Segment Start: DATA FOR PROCESSING

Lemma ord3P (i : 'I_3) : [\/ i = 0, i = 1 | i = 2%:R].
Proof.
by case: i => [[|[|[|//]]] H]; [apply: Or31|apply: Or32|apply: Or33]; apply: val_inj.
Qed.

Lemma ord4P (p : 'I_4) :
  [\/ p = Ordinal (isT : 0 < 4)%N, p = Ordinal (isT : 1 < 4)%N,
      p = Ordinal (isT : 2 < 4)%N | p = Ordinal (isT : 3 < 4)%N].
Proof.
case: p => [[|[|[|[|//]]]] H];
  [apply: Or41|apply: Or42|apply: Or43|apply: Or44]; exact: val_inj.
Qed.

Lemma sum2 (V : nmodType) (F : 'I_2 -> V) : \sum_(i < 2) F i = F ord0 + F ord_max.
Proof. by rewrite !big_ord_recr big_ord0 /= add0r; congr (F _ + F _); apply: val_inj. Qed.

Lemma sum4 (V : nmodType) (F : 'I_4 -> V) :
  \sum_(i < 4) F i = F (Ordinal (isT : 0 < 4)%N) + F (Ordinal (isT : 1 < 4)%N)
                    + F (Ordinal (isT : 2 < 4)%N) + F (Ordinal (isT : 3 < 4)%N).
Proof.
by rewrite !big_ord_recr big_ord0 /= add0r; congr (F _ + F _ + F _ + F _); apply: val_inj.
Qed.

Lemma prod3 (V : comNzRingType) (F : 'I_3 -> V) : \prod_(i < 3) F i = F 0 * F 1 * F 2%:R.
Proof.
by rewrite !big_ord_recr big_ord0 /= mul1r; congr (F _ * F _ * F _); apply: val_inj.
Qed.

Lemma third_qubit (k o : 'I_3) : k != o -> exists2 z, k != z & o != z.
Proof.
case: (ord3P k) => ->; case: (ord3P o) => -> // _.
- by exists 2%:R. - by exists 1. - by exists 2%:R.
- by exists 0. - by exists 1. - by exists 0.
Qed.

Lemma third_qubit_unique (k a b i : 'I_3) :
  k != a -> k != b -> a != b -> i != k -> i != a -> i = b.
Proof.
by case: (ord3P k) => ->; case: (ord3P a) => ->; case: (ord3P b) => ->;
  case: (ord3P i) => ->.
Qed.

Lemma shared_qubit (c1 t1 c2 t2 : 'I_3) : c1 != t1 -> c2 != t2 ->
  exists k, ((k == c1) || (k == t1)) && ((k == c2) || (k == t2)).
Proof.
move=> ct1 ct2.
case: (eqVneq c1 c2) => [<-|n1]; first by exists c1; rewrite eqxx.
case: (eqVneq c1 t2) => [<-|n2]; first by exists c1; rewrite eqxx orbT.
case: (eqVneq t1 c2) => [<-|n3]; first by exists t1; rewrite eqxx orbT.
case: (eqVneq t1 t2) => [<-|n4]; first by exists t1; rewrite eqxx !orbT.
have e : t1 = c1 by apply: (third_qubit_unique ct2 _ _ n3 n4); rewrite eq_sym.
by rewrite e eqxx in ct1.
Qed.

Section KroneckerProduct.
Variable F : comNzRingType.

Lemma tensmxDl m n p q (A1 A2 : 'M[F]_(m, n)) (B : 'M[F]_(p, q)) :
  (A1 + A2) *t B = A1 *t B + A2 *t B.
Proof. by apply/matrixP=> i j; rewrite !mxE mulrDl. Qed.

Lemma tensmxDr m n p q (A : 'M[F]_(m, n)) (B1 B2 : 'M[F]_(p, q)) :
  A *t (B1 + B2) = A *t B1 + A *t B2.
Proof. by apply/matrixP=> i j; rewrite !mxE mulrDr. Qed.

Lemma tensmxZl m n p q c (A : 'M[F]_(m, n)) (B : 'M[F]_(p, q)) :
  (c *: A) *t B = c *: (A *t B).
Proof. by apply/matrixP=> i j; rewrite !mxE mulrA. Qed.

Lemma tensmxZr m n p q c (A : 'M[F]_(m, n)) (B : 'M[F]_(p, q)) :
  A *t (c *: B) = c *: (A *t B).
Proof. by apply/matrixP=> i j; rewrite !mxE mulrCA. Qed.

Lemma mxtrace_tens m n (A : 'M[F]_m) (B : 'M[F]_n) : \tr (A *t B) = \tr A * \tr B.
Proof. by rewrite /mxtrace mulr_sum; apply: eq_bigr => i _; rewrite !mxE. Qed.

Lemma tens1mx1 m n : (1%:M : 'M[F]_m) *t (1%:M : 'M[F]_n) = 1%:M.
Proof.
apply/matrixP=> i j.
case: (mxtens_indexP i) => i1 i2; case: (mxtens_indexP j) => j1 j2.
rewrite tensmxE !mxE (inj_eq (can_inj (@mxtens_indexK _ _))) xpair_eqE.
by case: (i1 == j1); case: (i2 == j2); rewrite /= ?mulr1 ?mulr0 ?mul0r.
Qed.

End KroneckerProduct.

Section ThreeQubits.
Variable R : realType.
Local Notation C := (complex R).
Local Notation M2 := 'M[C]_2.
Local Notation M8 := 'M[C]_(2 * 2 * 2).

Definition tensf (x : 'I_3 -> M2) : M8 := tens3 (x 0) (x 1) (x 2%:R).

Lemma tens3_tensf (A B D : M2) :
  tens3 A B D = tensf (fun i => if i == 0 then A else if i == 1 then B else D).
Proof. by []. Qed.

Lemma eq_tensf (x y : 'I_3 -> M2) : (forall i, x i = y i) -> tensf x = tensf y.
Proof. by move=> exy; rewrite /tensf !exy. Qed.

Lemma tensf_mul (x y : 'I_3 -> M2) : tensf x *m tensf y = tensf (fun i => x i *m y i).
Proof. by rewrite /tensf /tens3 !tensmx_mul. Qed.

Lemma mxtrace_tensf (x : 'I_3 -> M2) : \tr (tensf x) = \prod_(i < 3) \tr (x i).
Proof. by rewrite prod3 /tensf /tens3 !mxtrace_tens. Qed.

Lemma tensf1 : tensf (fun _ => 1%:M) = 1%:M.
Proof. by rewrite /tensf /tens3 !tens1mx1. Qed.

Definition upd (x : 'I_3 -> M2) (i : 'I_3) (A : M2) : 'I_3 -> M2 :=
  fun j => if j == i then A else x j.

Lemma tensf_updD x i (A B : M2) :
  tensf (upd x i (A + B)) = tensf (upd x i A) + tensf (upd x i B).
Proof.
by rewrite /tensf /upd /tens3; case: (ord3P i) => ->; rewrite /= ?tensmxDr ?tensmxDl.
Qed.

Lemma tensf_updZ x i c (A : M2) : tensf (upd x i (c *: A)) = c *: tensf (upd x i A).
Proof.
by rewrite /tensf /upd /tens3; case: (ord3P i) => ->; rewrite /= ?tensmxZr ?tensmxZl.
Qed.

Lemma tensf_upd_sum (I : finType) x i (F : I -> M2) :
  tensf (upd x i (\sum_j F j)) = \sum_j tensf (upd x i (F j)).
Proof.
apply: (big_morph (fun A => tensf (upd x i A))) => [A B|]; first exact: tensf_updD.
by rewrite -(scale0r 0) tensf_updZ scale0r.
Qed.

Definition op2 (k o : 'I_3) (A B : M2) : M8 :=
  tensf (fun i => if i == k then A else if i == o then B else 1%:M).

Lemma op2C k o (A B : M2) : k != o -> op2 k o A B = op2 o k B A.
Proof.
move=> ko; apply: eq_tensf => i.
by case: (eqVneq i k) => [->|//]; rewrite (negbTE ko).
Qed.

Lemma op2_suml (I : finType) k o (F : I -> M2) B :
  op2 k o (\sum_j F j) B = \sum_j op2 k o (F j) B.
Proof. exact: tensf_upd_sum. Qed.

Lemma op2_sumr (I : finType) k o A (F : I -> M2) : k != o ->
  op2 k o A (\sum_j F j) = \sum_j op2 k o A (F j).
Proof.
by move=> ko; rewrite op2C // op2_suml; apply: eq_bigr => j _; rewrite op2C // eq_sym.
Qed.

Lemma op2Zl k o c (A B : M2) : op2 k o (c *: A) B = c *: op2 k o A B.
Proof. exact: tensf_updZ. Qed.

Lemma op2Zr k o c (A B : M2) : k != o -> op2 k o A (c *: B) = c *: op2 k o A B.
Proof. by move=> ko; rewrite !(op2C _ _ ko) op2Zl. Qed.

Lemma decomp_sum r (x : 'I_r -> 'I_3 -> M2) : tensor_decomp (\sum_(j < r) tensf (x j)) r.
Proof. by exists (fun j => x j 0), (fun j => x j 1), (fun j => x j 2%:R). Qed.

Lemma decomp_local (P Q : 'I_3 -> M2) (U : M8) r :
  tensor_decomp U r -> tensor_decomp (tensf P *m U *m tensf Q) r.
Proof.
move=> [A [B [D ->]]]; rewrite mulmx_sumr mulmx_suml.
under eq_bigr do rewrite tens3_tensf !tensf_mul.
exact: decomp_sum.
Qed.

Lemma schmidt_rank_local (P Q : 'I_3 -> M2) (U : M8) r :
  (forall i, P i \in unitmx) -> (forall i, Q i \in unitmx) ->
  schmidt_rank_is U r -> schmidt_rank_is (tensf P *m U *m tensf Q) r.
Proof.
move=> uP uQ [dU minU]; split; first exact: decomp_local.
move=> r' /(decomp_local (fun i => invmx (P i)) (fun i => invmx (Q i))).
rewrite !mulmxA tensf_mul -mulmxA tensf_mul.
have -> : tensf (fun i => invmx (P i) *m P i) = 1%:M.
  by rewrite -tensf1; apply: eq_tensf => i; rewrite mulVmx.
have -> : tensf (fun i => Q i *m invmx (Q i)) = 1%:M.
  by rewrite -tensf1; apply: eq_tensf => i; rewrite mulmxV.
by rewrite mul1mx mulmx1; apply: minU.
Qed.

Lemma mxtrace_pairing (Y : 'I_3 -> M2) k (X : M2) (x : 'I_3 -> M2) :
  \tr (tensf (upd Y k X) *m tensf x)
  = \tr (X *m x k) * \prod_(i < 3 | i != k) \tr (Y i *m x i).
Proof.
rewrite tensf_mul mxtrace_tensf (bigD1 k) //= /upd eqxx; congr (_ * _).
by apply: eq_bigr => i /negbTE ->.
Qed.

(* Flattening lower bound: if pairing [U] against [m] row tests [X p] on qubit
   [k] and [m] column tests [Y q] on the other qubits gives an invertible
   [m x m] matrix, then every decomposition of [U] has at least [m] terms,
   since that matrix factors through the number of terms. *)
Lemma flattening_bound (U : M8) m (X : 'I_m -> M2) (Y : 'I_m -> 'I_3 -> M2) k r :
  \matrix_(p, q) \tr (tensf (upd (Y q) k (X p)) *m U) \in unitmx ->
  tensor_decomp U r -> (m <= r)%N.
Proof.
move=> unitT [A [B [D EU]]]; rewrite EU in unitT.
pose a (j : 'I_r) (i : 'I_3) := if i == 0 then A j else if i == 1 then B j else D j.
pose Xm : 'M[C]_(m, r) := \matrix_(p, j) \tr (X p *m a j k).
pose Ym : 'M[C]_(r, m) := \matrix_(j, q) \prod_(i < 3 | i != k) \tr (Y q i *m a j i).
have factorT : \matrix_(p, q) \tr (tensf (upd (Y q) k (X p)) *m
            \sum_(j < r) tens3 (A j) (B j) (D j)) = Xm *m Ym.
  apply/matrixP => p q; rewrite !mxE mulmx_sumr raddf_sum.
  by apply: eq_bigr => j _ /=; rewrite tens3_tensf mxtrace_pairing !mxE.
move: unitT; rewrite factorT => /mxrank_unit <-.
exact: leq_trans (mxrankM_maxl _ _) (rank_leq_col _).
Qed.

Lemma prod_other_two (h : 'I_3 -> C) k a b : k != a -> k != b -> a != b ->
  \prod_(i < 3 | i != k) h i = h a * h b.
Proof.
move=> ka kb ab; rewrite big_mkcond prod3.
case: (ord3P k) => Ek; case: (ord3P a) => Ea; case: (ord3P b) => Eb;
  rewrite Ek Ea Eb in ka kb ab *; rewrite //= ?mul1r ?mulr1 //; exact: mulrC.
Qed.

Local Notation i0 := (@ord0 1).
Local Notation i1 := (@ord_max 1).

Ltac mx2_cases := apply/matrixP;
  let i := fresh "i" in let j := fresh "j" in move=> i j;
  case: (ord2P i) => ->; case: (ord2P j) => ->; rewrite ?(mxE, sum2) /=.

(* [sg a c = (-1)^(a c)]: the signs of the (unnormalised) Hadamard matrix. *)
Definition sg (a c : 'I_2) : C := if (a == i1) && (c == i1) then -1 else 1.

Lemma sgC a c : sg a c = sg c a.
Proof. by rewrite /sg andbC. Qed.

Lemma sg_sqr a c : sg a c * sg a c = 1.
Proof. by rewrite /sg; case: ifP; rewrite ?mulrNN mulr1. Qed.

Segment End: DATA FOR PROCESSING

• _WHAT THE TASK REQUIRES_
Could you return exactly the stretch of the data above that starts at the line with "apply/matrixP => p" and ends at the line with "let i := fresh", both lines included?

• _WRITTEN ANSWER_
  apply/matrixP => p q; rewrite !mxE mulmx_sumr raddf_sum.
  by apply: eq_bigr => j _ /=; rewrite tens3_tensf mxtrace_pairing !mxE.
move: unitT; rewrite factorT => /mxrank_unit <-.
exact: leq_trans (mxrankM_maxl _ _) (rank_leq_col _).
Qed.

Lemma prod_other_two (h : 'I_3 -> C) k a b : k != a -> k != b -> a != b ->
  \prod_(i < 3 | i != k) h i = h a * h b.
Proof.
move=> ka kb ab; rewrite big_mkcond prod3.
case: (ord3P k) => Ek; case: (ord3P a) => Ea; case: (ord3P b) => Eb;
  rewrite Ek Ea Eb in ka kb ab *; rewrite //= ?mul1r ?mulr1 //; exact: mulrC.
Qed.

Local Notation i0 := (@ord0 1).
Local Notation i1 := (@ord_max 1).

Ltac mx2_cases := apply/matrixP;
  let i := fresh "i" in let j := fresh "j" in move=> i j;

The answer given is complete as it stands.